Action item. Each line of the listing where the string "letter" appears is to be identified and copied.

Source material.

────────────────────

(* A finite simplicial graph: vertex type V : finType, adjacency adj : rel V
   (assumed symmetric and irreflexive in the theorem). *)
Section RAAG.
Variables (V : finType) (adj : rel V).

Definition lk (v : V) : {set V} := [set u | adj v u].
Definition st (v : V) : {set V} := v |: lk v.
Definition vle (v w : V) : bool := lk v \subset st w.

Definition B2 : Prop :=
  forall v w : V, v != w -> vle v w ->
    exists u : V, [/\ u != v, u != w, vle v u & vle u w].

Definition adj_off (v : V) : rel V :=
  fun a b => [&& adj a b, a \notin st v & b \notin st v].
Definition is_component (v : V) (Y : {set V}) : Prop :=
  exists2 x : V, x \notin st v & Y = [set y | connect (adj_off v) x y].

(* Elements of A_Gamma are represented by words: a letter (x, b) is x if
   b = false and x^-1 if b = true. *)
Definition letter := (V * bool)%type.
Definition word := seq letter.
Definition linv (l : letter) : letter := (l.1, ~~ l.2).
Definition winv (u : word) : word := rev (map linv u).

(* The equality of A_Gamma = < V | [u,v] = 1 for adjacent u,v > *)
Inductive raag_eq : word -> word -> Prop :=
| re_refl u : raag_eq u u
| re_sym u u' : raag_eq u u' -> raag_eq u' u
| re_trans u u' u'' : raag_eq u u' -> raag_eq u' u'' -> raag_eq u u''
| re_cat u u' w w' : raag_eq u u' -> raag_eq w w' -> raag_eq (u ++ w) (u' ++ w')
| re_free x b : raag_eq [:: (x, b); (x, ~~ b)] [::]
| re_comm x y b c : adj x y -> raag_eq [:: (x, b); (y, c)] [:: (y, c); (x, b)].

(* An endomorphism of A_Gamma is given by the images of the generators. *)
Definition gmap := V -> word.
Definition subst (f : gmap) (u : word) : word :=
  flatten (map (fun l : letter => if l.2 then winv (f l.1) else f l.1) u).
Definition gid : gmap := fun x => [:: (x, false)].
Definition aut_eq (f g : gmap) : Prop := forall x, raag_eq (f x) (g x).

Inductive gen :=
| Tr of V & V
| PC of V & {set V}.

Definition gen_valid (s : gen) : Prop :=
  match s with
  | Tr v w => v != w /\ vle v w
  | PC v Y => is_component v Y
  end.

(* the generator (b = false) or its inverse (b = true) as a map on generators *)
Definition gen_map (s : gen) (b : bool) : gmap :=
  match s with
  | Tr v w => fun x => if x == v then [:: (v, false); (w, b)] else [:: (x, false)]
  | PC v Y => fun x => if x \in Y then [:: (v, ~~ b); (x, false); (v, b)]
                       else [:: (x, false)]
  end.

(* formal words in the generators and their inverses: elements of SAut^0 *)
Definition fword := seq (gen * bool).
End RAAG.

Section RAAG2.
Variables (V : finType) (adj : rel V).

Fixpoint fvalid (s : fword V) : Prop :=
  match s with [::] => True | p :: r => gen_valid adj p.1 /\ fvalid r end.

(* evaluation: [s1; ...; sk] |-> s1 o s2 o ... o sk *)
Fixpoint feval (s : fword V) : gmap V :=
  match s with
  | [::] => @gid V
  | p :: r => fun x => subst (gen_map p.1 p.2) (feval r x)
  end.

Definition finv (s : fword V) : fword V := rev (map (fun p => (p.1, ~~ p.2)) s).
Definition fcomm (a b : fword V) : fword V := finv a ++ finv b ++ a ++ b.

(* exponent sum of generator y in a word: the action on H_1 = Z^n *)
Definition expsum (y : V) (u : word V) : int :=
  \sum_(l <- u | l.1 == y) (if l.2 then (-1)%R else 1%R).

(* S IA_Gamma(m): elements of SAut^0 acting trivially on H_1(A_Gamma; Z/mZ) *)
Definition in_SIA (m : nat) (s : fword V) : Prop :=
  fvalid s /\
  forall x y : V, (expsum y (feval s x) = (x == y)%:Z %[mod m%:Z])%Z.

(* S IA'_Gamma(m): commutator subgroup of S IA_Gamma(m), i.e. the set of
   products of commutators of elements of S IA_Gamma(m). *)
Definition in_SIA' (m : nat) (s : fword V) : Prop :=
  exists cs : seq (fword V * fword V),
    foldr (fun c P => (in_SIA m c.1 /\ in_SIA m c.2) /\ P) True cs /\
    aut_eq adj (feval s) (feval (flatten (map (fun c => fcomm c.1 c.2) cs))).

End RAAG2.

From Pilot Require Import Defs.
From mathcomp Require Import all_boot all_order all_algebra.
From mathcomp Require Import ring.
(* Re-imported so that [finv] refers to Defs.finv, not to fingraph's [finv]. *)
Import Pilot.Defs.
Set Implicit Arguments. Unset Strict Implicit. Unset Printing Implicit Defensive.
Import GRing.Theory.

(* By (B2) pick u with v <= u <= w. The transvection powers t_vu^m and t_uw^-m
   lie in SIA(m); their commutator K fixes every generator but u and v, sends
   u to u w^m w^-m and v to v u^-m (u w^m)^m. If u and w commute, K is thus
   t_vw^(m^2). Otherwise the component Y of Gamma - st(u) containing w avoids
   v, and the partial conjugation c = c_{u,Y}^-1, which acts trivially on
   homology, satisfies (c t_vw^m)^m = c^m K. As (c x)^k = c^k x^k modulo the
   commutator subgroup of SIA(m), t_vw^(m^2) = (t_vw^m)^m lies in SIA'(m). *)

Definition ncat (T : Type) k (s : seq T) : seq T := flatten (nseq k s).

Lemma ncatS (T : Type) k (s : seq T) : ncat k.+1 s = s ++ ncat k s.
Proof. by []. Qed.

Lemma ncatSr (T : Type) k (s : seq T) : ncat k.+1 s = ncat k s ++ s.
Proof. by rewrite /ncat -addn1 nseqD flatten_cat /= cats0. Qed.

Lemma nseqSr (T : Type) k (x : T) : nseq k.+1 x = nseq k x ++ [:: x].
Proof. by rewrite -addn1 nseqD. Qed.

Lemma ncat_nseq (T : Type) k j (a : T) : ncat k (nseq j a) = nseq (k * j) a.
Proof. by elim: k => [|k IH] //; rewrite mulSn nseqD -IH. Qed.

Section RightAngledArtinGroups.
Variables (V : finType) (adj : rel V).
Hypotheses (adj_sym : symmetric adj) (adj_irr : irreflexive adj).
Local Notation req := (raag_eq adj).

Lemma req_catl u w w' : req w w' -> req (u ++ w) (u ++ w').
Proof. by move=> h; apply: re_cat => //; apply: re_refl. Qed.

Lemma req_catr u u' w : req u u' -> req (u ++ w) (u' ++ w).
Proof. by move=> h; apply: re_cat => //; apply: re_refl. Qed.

────────────────────

Result.
(* Elements of A_Gamma are represented by words: a letter (x, b) is x if
Definition letter := (V * bool)%type.
Definition word := seq letter.
Definition linv (l : letter) : letter := (l.1, ~~ l.2).
  flatten (map (fun l : letter => if l.2 then winv (f l.1) else f l.1) u).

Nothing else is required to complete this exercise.